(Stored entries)
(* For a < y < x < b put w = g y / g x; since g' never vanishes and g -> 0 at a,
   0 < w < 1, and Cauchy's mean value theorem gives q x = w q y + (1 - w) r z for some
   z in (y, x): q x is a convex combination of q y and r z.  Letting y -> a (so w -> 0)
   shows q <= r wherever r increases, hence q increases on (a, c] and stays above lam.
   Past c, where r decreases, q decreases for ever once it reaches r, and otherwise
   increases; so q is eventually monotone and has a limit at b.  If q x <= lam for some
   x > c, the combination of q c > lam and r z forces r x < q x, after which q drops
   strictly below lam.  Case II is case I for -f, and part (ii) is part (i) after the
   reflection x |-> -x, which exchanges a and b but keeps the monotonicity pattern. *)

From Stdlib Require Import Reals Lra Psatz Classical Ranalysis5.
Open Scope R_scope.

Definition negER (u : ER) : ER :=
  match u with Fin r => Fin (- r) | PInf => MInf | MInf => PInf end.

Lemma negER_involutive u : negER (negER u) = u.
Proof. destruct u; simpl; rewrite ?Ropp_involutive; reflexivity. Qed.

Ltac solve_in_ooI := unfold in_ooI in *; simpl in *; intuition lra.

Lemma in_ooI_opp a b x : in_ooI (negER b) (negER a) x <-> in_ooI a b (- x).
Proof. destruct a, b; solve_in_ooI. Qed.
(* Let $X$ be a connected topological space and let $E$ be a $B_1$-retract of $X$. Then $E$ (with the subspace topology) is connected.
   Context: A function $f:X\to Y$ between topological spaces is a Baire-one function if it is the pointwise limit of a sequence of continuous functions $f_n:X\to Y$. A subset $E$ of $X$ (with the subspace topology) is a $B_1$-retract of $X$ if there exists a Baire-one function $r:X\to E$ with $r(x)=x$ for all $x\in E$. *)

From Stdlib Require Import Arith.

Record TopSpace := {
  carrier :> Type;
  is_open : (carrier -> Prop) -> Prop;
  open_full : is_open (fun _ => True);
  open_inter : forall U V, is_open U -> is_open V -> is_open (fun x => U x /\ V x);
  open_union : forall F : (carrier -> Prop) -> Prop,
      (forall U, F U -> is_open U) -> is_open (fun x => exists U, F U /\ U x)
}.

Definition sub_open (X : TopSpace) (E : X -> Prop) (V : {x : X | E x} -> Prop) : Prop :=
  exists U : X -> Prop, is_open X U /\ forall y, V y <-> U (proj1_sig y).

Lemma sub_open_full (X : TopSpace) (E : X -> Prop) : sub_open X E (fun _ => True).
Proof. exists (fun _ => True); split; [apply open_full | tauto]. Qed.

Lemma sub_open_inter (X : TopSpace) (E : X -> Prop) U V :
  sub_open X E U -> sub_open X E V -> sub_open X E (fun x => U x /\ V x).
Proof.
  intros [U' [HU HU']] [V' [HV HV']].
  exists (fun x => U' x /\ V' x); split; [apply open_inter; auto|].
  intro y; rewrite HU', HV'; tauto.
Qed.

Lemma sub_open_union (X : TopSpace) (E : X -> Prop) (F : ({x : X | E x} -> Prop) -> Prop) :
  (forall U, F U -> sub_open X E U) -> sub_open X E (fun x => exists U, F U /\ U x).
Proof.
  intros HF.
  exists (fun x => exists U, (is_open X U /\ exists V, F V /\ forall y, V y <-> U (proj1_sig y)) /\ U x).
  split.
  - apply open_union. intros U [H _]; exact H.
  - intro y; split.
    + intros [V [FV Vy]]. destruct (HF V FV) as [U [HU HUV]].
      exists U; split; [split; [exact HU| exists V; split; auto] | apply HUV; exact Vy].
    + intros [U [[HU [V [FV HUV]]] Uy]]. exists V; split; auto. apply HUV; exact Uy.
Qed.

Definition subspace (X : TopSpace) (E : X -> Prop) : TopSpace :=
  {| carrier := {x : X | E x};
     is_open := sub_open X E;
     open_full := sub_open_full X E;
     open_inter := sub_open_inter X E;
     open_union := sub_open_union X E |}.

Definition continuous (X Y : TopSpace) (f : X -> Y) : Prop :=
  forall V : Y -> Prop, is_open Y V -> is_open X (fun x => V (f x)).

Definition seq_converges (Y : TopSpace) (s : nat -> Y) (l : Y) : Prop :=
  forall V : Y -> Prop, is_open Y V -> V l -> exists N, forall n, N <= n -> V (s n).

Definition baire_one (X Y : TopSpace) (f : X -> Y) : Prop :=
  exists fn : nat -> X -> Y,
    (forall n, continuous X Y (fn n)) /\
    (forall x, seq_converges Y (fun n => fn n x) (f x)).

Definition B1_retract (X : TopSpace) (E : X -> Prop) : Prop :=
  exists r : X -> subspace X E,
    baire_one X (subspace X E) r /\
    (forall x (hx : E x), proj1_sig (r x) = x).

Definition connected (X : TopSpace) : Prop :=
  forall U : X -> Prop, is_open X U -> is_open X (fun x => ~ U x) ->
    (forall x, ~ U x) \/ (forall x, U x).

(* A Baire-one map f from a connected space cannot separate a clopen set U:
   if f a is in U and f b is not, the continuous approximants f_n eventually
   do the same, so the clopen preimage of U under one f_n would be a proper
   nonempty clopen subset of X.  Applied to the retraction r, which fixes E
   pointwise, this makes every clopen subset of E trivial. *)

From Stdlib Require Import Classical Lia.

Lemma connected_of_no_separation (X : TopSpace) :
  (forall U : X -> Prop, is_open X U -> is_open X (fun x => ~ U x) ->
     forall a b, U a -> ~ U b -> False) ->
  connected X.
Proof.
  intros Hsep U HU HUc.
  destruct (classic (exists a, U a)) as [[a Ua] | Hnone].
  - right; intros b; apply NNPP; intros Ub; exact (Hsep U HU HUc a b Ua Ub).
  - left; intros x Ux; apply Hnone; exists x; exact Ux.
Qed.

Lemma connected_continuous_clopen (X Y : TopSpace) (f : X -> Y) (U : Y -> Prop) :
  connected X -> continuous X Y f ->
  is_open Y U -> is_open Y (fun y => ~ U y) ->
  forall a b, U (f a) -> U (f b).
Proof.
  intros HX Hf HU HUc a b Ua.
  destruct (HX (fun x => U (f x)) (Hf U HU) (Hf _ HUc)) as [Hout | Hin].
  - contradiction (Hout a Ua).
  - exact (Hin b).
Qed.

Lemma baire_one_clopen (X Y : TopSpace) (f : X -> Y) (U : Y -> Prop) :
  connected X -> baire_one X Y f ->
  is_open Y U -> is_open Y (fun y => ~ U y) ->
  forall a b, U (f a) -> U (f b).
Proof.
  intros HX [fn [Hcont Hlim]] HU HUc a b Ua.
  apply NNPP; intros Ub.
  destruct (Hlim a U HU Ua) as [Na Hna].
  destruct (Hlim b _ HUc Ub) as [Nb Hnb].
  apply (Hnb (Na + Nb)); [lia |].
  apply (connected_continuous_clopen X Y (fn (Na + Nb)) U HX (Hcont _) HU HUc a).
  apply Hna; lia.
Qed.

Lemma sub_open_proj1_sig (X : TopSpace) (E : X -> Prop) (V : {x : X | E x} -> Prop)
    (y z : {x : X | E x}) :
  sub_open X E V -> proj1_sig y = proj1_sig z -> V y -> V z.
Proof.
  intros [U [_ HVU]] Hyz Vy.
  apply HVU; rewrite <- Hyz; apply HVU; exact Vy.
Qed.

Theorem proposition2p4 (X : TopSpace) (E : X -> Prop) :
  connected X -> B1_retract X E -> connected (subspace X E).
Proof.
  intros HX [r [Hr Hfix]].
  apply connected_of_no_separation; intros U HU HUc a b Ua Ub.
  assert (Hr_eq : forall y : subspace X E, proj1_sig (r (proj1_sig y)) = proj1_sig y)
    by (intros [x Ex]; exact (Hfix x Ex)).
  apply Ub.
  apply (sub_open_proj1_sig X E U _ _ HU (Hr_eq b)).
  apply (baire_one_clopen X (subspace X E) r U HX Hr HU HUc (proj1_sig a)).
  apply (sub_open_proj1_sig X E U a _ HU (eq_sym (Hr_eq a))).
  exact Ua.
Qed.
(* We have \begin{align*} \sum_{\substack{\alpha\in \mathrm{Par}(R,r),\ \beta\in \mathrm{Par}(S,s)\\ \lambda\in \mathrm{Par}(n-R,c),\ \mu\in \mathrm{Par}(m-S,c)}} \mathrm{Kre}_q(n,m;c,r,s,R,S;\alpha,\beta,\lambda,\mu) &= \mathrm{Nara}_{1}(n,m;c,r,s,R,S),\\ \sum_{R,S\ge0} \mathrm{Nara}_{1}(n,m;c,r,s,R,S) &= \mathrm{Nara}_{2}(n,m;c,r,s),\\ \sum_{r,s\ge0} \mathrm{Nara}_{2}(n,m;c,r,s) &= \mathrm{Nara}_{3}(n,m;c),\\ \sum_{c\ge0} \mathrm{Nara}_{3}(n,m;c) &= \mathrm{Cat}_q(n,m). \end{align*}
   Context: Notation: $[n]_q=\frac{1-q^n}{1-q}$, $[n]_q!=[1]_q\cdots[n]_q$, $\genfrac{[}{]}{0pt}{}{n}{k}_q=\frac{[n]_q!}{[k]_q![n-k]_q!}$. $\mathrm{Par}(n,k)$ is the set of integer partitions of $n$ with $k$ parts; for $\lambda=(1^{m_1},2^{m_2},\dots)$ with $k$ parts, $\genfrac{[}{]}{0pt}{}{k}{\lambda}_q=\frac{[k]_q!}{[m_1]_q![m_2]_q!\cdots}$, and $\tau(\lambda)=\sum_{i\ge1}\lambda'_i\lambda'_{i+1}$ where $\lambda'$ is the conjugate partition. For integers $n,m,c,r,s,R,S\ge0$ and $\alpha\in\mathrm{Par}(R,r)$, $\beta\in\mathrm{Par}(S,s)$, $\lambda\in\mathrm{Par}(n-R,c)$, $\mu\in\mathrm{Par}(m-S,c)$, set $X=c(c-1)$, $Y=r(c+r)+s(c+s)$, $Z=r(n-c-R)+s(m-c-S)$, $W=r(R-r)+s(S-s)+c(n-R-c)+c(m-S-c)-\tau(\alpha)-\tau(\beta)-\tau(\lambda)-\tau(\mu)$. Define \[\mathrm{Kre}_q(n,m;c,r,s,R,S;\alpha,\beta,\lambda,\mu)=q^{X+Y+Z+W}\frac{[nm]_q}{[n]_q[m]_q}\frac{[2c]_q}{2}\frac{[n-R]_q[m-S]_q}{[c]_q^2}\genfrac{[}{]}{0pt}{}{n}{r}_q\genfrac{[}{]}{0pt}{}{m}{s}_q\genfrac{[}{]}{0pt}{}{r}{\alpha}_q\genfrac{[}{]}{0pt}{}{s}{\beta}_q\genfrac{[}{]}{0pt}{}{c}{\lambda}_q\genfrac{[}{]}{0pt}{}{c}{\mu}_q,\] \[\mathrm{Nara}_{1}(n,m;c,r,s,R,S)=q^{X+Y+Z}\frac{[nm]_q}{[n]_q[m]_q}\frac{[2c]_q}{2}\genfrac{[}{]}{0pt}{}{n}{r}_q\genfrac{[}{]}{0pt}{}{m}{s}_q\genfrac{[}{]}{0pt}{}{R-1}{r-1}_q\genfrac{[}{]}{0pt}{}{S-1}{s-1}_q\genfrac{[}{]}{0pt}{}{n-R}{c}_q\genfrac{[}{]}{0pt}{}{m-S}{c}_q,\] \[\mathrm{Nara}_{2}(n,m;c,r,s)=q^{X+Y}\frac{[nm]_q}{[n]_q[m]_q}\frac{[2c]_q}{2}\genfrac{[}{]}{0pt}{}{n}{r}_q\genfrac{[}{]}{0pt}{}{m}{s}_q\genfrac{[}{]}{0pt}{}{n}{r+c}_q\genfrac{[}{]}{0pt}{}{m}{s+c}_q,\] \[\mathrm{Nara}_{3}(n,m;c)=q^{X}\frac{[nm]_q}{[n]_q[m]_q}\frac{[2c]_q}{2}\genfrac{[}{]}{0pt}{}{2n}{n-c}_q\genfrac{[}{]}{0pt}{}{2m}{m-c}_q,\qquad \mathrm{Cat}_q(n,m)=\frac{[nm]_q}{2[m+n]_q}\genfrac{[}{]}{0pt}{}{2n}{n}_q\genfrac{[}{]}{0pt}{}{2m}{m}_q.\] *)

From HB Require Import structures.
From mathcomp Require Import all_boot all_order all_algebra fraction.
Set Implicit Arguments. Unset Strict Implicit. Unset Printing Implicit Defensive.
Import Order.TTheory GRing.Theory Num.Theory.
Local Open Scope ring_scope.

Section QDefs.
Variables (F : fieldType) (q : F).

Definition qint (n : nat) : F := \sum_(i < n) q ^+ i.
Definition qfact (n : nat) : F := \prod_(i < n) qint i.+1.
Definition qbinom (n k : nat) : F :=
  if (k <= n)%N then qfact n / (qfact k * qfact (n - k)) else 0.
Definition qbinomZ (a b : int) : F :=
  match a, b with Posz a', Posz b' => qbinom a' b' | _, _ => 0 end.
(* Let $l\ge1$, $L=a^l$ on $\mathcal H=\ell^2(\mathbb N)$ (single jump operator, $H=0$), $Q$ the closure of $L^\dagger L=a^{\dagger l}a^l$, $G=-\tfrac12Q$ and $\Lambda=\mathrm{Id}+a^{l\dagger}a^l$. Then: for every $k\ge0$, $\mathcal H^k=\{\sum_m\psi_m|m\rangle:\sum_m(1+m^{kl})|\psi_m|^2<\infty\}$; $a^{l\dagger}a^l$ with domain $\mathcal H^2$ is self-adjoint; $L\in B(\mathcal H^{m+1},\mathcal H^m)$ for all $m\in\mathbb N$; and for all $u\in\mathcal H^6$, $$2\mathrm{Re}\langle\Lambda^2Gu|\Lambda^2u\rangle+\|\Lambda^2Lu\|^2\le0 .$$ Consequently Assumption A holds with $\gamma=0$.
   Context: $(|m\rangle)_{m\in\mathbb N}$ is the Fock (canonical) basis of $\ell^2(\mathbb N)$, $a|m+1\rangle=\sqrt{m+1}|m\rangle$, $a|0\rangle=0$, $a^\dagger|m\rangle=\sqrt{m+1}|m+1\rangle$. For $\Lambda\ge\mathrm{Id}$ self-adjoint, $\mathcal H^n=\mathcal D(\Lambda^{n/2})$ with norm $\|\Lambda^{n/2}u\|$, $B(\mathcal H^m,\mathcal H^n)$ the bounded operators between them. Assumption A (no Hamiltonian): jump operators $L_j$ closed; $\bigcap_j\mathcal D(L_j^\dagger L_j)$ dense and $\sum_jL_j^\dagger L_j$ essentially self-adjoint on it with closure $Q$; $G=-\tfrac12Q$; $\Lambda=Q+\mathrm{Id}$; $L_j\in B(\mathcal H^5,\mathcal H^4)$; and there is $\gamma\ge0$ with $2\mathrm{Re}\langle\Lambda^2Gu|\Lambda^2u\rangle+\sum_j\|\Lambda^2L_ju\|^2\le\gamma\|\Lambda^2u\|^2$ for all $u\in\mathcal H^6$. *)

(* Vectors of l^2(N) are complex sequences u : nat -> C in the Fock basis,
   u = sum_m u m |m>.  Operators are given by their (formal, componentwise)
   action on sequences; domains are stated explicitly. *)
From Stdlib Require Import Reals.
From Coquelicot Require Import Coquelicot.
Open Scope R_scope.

_What needs to be done_.
Here the job is to transcribe the lines from the first line of the data through the line containing "x > c, the combination", inclusive, exactly and with nothing else.

_Result for this exercise_.
(* For a < y < x < b put w = g y / g x; since g' never vanishes and g -> 0 at a,
   0 < w < 1, and Cauchy's mean value theorem gives q x = w q y + (1 - w) r z for some
   z in (y, x): q x is a convex combination of q y and r z.  Letting y -> a (so w -> 0)
   shows q <= r wherever r increases, hence q increases on (a, c] and stays above lam.
   Past c, where r decreases, q decreases for ever once it reaches r, and otherwise
   increases; so q is eventually monotone and has a limit at b.  If q x <= lam for some
   x > c, the combination of q c > lam and r z forces r x < q x, after which q drops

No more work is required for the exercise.